Lemma exists_perturbation (I : finType) (a : I -> 'rV[R]_d) (i0 : I)
    (S : {fset 'rV[R]_d}) : a i0 != 0 ->
  exists psi : 'rV[R]_d -> 'rV[R]_d,
    (forall i, {in S &, {homo psi : x y / dotv (a i) x < dotv (a i) y}}) /\
    {in S &, injective (fun x => dotv (a i0) (psi x))}.
Proof.
move=> a0_neq0; pose b := a i0; pose rk x : R := (index x S)%:R.
have [del del_gt0 del_small] : small_enough (fun del => forall i, i \in enum I ->
    forall x, x \in S -> forall y, y \in S -> dotv (a i) x < dotv (a i) y ->
    del * ((rk x - rk y) * dotv (a i) b) < dotv (a i) y - dotv (a i) x).
  apply: small_enough_all => i _; apply: small_enough_all => x _.
  apply: small_enough_all => y _.
  have [lt_xy | _] := ltP (dotv (a i) x) (dotv (a i) y); last by exists 1.
  have gap_gt0 : 0 < dotv (a i) y - dotv (a i) x by rewrite subr_gt0.
  have [e e_gt0 e_small] := small_enough_mul_lt ((rk x - rk y) * dotv (a i) b) gap_gt0.
  by exists e => // e' e'_gt0 e'_le _; apply: e_small.
(* Shifting the j-th point of S by j * del along b separates points of equal
   height along b; del is small enough that no strict inequality flips. *)
pose psi x := x + (del * rk x) *: b.
have dot_psi i x : dotv (a i) (psi x) = dotv (a i) x + del * rk x * dotv (a i) b.
  by rewrite dotvD dotvZ.
have psi_mono i : {in S &, {homo psi : x y / dotv (a i) x < dotv (a i) y}}.
  move=> x y xS yS lt_xy; rewrite !dot_psi.
  have := del_small del del_gt0 (lexx _) i (mem_enum _ _) x xS y yS lt_xy; lra.
exists psi; split => // x y xS yS /= eq_psi.
have eq_b : dotv b x = dotv b y.
  apply/eqP; rewrite eq_le !leNgt; apply/andP; split; apply/negP.
    by move/(psi_mono i0 y x yS xS); rewrite eq_psi ltxx.
  by move/(psi_mono i0 x y xS yS); rewrite eq_psi ltxx.
move: eq_psi; rewrite !dot_psi -/b eq_b => /addrI.
move=> /(mulIf (lt0r_neq0 (dotvv_gt0 a0_neq0))) /(mulfI (lt0r_neq0 del_gt0)).
by move/eqP; rewrite eqr_nat => /eqP; apply: index_inj.
Qed.

Lemma in_translate_lt (H : halfspace R d) v x y :
  in_translate H v x -> ~~ in_translate H v y ->
  dotv (hs_normal H) x < dotv (hs_normal H) y.
Proof.
rewrite /in_translate /in_hs !dotvB; case: (hs_strict H) => x_in.
  by rewrite -leNgt => y_out; lra.
by rewrite -ltNge => y_out; lra.
Qed.

Lemma exists_translate_separating (H : halfspace R d) (A B : seq 'rV[R]_d) :
  proper_hs H ->
  {in A & B, forall x y, dotv (hs_normal H) x < dotv (hs_normal H) y} ->
  exists v, {in A, forall x, in_translate H v x} /\
            {in B, forall y, ~~ in_translate H v y}.
Proof.
move=> a_neq0 AB; set a := hs_normal H; have aa_gt0 := dotvv_gt0 a_neq0.
have /separating_threshold [th [A_lt B_gt]] :
    {in map (dotv a) A & map (dotv a) B, forall u w, u < w}.
  by move=> _ _ /mapP [x xA ->] /mapP [y yB ->]; apply: AB.
exists (((th - hs_bound H) / dotv a a) *: a).
have dot_sub y : dotv a (y - ((th - hs_bound H) / dotv a a) *: a) =
                 dotv a y - th + hs_bound H.
  by rewrite dotvB dotvZ divfK ?gt_eqF //; ring.
rewrite /in_translate /in_hs -/a.
split=> [x /(map_f (dotv a))/A_lt | y /(map_f (dotv a))/B_gt]; rewrite dot_sub.
  by case: (hs_strict H); lra.
by case: (hs_strict H); rewrite -?leNgt -?ltNge; lra.
Qed.

End DotProduct.

Section Regions.
Variables (R : realType) (d h : nat) (Hs : 'I_h -> halfspace R d).
Implicit Types (S : {fset 'rV[R]_d}) (reg : seq ('I_h * 'rV[R]_d)).

Lemma in_region_cons p reg x :
  in_region Hs (p :: reg) x = in_translate (Hs p.1) p.2 x && in_region Hs reg x.
Proof. by []. Qed.

Lemma pts_in_nil S : pts_in Hs [::] S = S.
Proof. by apply/fsetP => x; rewrite !inE /in_region /= andbT. Qed.

Lemma pts_in_sub S reg : pts_in Hs reg S `<=` S.
Proof. exact: fset_sub. Qed.

Lemma pts_in_imfset S reg (psi : 'rV[R]_d -> 'rV[R]_d) :
  pts_in Hs reg (psi @` S) = psi @` [fset x in S | in_region Hs reg (psi x)].
Proof.
apply/fsetP => y; rewrite inE.
apply/andP/imfsetP => [[/imfsetP [x /= xS ->] x_in] | [x /=]].
  by exists x; rewrite // !inE xS.
by rewrite !inE => /andP [xS x_in] ->; split; first exact: in_imfset.
Qed.
(* For each $n\geq 2$ there is a domain $D$ in $\mathbb{R}^n$ such that $\mathbb{R}^n\setminus D$ contains at least two points and there exists $z\in D$ with $$\lambda''_D(z)<\lambda'_D(z)<\lambda_D(z).$$
   Context: Write $d(z,\partial D)=\inf\{|z-a|:a\in\partial D\}$ and $Q(z;a,b)=|z-a|\big(1+\big|\log\frac{|a-b|}{|z-a|}\big|\big)$ (equal to $+\infty$ when $a=b$). For a domain $D\subset\mathbb{R}^n$ whose complement contains at least two points and $z\in D$ define $1/\lambda_D(z)=\inf\{Q(z;a,b): a,b\in\mathbb{R}^n\setminus D\}$, $1/\lambda'_D(z)=\inf\{Q(z;a,b): a,b\in\partial D\}$, $1/\lambda''_D(z)=\inf\{Q(z;a,b): a,b\in\partial D,\ |z-a|=d(z,\partial D)\}$. *)

(* R^n is modelled as 'rV[R]_n with its product
   topology (= Euclidean topology); distances use the Euclidean norm. *)
From HB Require Import structures.
From mathcomp Require Import all_boot all_order all_algebra.
From mathcomp Require Import all_classical all_reals all_analysis.
Set Implicit Arguments. Unset Strict Implicit. Unset Printing Implicit Defensive.
Import Order.TTheory GRing.Theory Num.Theory numFieldNormedType.Exports.
Local Open Scope classical_set_scope.
Local Open Scope ring_scope.

Section Defs.
Variables (R : realType) (n : nat).
Local Notation V := 'rV[R]_n.

Definition edist (x y : V) : R := Num.sqrt (\sum_(i < n) (x ord0 i - y ord0 i) ^+ 2).

Definition bdry (D : set V) : set V := closure D `\` interior D.

Definition domain (D : set V) : Prop := [/\ D !=set0, open D & connected D].

Definition dist_bdry (D : set V) (z : V) : R :=
  fine (ereal_inf [set ((edist z a)%:E) | a in bdry D]).

Definition Qf (z a b : V) : \bar R :=
  if a == b then +oo%E
  else (edist z a * (1 + `| ln (edist a b / edist z a) |))%:E.

Definition lam (D : set V) (z : V) : R :=
  (fine (ereal_inf [set Qf z a b | a in ~` D & b in ~` D]))^-1.

Definition lam' (D : set V) (z : V) : R :=
  (fine (ereal_inf [set Qf z a b | a in bdry D & b in bdry D]))^-1.

Definition lam'' (D : set V) (z : V) : R :=
  (fine (ereal_inf [set Qf z a b | a in [set a | bdry D a /\ edist z a = dist_bdry D z]
                                  & b in bdry D]))^-1.
End Defs.

From Pilot Require Import Defs.
From HB Require Import structures.
From mathcomp Require Import all_boot all_order all_algebra.
From mathcomp Require Import all_classical all_reals all_analysis.
From mathcomp Require Import ring lra.
Set Implicit Arguments. Unset Strict Implicit. Unset Printing Implicit Defensive.
Import Order.TTheory GRing.Theory Num.Theory numFieldNormedType.Exports.
Local Open Scope classical_set_scope.
Local Open Scope ring_scope.

(* Take for D the complement in R^n of the closed ball of radius 1/5 about e_0 and of
   the point 2e_0, and z = 0.  With r = |z - a| and s = |a - b|, the bound
   ln x >= 1 - 1/x gives Q = r (1 + |ln (s/r)|) >= max (r, 2r - s, 2r - r^2/s).
   The complement pair (e_0, 2e_0) has Q = 1, and Q >= 4/5 on the complement, so
   lambda >= 1.  A boundary point lies on the sphere or is 2e_0: two sphere points are
   within 2/5 of each other, and a sphere point a paired with 2e_0 satisfies
   r^2 + s^2 = 52/25 (Apollonius), which forces Q >= 1.01; yet the pair
   (e_0 + e_1/5, 2e_0) has Q = sqrt 26 / 5 < 1.05.  The nearest boundary point is
   4/5 e_0, and every pair starting there has Q >= 16/15.  Hence
   lambda'' <= 20/21 < lambda' <= 100/101 < 1 <= lambda. *)

(* A bare [edist] would denote the extended distance of MathComp-Analysis. *)
Local Notation edist := Defs.edist.

Lemma cauchy_schwarz_sum (F : realFieldType) (I : finType) (a b : I -> F) :
  (\sum_i a i * b i) ^+ 2 <= (\sum_i a i ^+ 2) * (\sum_i b i ^+ 2).
Proof.
set A := \sum_i a i ^+ 2; set B := \sum_i b i ^+ 2; set C := \sum_i a i * b i.
have A_ge0 : 0 <= A by rewrite sumr_ge0 // => i _; rewrite sqr_ge0.
have key : 0 <= A * (A * B - C ^+ 2).
  have -> : A * (A * B - C ^+ 2) = \sum_i (A * b i - C * a i) ^+ 2.
    rewrite (eq_bigr (fun i => A ^+ 2 * b i ^+ 2 - 2 * A * C * (a i * b i)
                               + C ^+ 2 * a i ^+ 2)) => [|i _]; last by ring.
    by rewrite big_split sumrB /= -!mulr_sumr -/A -/B -/C; ring.
  by rewrite sumr_ge0 // => i _; rewrite sqr_ge0.
have [A_gt0|A_le0] := ltrP 0 A; first by rewrite -subr_ge0 -(pmulr_rge0 _ A_gt0).
have A0 : A = 0 by apply/eqP; rewrite eq_le A_le0 A_ge0.
have a0 i : a i = 0.
  apply/eqP; rewrite -sqrf_eq0; apply/eqP.
  by apply: (psumr_eq0P _ A0) => // j _; rewrite sqr_ge0.
by rewrite /C big1 ?A0 ?expr0n ?mul0r // => i _; rewrite a0 mul0r.
Qed.

Lemma sqrtr_sqr_eq (R : rcfType) (r s : R) : 0 <= r -> s = r ^+ 2 -> Num.sqrt s = r.
Proof. by move=> r_ge0 ->; rewrite sqrtr_sqr ger0_norm. Qed.

Lemma sqrtr_gt (R : rcfType) (r s : R) : 0 <= r -> r ^+ 2 < s -> r < Num.sqrt s.
Proof.
move=> r_ge0 lt_r2s; rewrite -(ger0_norm r_ge0) -sqrtr_sqr ltr_sqrt //.
exact: le_lt_trans (sqr_ge0 r) lt_r2s.
Qed.

Lemma sqrtr_lt (R : rcfType) (r s : R) : 0 < r -> s < r ^+ 2 -> Num.sqrt s < r.
Proof.
move=> r_gt0 lt_sr2; rewrite -(ger0_norm (ltW r_gt0)) -sqrtr_sqr ltr_sqrt //.
by rewrite exprn_gt0.
Qed.

Lemma mulss_norm1 (R : realDomainType) (s : R) : `|s| = 1 -> s * s = 1.
Proof. by move=> s1; rewrite -expr2 -real_normK ?num_real // s1 expr1n. Qed.

Section EuclideanDistance.
Variables (R : realType) (n : nat).
Implicit Types x y z m a : 'rV[R]_n.

Lemma edist_sqr x y : edist x y ^+ 2 = \sum_i (x ord0 i - y ord0 i) ^+ 2.
Proof. by rewrite sqr_sqrtr // sumr_ge0 // => i _; rewrite sqr_ge0. Qed.

Lemma edist_ge0 x y : 0 <= edist x y.
Proof. exact: sqrtr_ge0. Qed.

Lemma edistC x y : edist x y = edist y x.
Proof. by rewrite /Defs.edist; under eq_bigr do rewrite -sqrrN opprB. Qed.

Lemma edistxx x : edist x x = 0.
Proof. by rewrite /Defs.edist big1 ?sqrtr0 // => i _; rewrite subrr expr0n. Qed.

Lemma edist_gt0 x y : x <> y -> 0 < edist x y.
Proof.
move=> xy; rewrite sqrtr_gt0 lt_def sumr_ge0 ?andbT => [|i _]; last by rewrite sqr_ge0.
apply: contra_notN xy => /eqP sum0; apply/rowP => i; apply/eqP.
rewrite -subr_eq0 -sqrf_eq0; apply/eqP.
by apply: (psumr_eq0P _ sum0) => // j _; rewrite sqr_ge0.
Qed.

Lemma ler_coord_edist x y i : `|x ord0 i - y ord0 i| <= edist x y.
Proof.
rewrite -sqrtr_sqr ler_wsqrtr // (bigD1 i) //= lerDl.
by rewrite sumr_ge0 // => j _; rewrite sqr_ge0.
Qed.

Lemma edist_triangle x y z : edist x z <= edist x y + edist y z.
Proof.
set u := fun i => x ord0 i - y ord0 i; set v := fun i => y ord0 i - z ord0 i.
have exy := edist_ge0 x y; have eyz := edist_ge0 y z.
have cross : \sum_i u i * v i <= edist x y * edist y z.
  rewrite (le_trans (ler_norm _)) // -ler_sqr ?nnegrE ?mulr_ge0 //.
  by rewrite real_normK ?num_real // exprMn !edist_sqr cauchy_schwarz_sum.
rewrite -ler_sqr ?nnegrE ?addr_ge0 ?edist_ge0 //.
have -> : edist x z ^+ 2 = edist x y ^+ 2 + 2 * \sum_i u i * v i + edist y z ^+ 2.
  rewrite !edist_sqr mulr_sumr -!big_split /=.
  by apply: eq_bigr => i _; rewrite /u /v; ring.
nra.
Qed.

Lemma continuous_edist y : continuous (fun x => edist x y).
Proof.
move=> x; apply: continuous_comp; last exact: sqrt_continuous.
apply: (continuous_big add_continuous) => {x} i _ x.
apply: (@continuous_comp _ _ _ (fun x : 'rV[R]_n => x ord0 i - y ord0 i) (fun r => r ^+ 2)).
  by apply: continuousB; [exact: coord_continuous | exact: cst_continuous].
exact: exprn_continuous.
Qed.

Lemma apollonius x y m a : x + y = 2 *: m ->
  edist a x ^+ 2 + edist a y ^+ 2 = 2 * edist a m ^+ 2 + 2 * edist m x ^+ 2.
Proof.
move=> mid; rewrite !edist_sqr !mulr_sumr -!big_split /=; apply: eq_bigr => i _.
have := congr1 (fun w : 'rV[R]_n => w ord0 i) mid; rewrite /= !mxE => mid_i.
have -> : y ord0 i = 2 * m ord0 i - x ord0 i by rewrite -mid_i; ring.
ring.
Qed.

End EuclideanDistance.

Section Segments.
Variables (R : realType) (V : normedModType R).
Implicit Types (A : set V) (p v : V).

Let continuous_ray p v : continuous (fun t : R => p + t *: v).
Proof.
move=> t; apply: (@continuousD _ _ _ (fun=> p) (fun t : R => t *: v)).
  exact: cst_continuous.
exact: scalel_continuous.
Qed.

Lemma closure_ray A p v : (forall t : R, 0 < t -> A (p + t *: v)) -> closure A p.
Proof.
move=> Aray; set f := fun t : R => p + t *: v.
have cl : closed (f @^-1` closure A).
  by apply: preimage_closed; [move=> t _; exact: continuous_ray | exact: closed_closure].
have ray_sub : [set t : R | 0 < t] `<=` f @^-1` closure A.
  by move=> t /Aray /subset_closure.
have closure0 : closure [set t : R | 0 < t] 0.
  by move: (closure_gt (0 : R)) => /(congr1 (@^~ 0)) /= ->.
have := closureS ray_sub closure0; rewrite -(closure_id _).1 //.
by rewrite /f /= scale0r addr0.
Qed.

Lemma segment_connected_component A p v :
  (forall t : R, 0 <= t <= 1 -> A (p + t *: v)) -> connected_component A p (p + v).
Proof.
move=> Aseg; set f := fun t : R => p + t *: v.
have f01 : f @` `[0, 1] `<=` connected_component A p.
  apply: connected_component_max.
  - by exists 0; [rewrite /= in_itv /= lexx ler01 | rewrite /f scale0r addr0].
  - by move=> _ [t + <-]; rewrite /= in_itv => /Aseg.
  apply: connected_continuous_connected; first exact: segment_connected.
  exact/continuous_subspaceT/continuous_ray.
by apply: f01; exists 1; [rewrite /= in_itv /= lexx ler01 | rewrite /f scale1r].
Qed.

End Segments.

Section LogDistance.
Variable R : realType.
Implicit Types r s x : R.

Definition qdist r s := r * (1 + `|ln (s / r)|).

Lemma ln_ge_subV x : 0 < x -> 1 - x^-1 <= ln x.
Proof.
move=> x_gt0; have : ln x^-1 <= x^-1 - 1.
  have := @le_ln1Dx R (x^-1 - 1); rewrite addrCA subrr addr0; apply.
  have : 0 < x^-1 by rewrite invr_gt0.
  lra.
rewrite lnV ?posrE //; lra.
Qed.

+++

Work to complete
In the listing above, find the line with "the point 2e_0, and" and the line with "lambda'' <= 20/21", then print exactly those two lines and every line between them, and nothing more.

Your solution
   the point 2e_0, and z = 0.  With r = |z - a| and s = |a - b|, the bound
   ln x >= 1 - 1/x gives Q = r (1 + |ln (s/r)|) >= max (r, 2r - s, 2r - r^2/s).
   The complement pair (e_0, 2e_0) has Q = 1, and Q >= 4/5 on the complement, so
   lambda >= 1.  A boundary point lies on the sphere or is 2e_0: two sphere points are
   within 2/5 of each other, and a sphere point a paired with 2e_0 satisfies
   r^2 + s^2 = 52/25 (Apollonius), which forces Q >= 1.01; yet the pair
   (e_0 + e_1/5, 2e_0) has Q = sqrt 26 / 5 < 1.05.  The nearest boundary point is
   4/5 e_0, and every pair starting there has Q >= 16/15.  Hence
   lambda'' <= 20/21 < lambda' <= 100/101 < 1 <= lambda. *)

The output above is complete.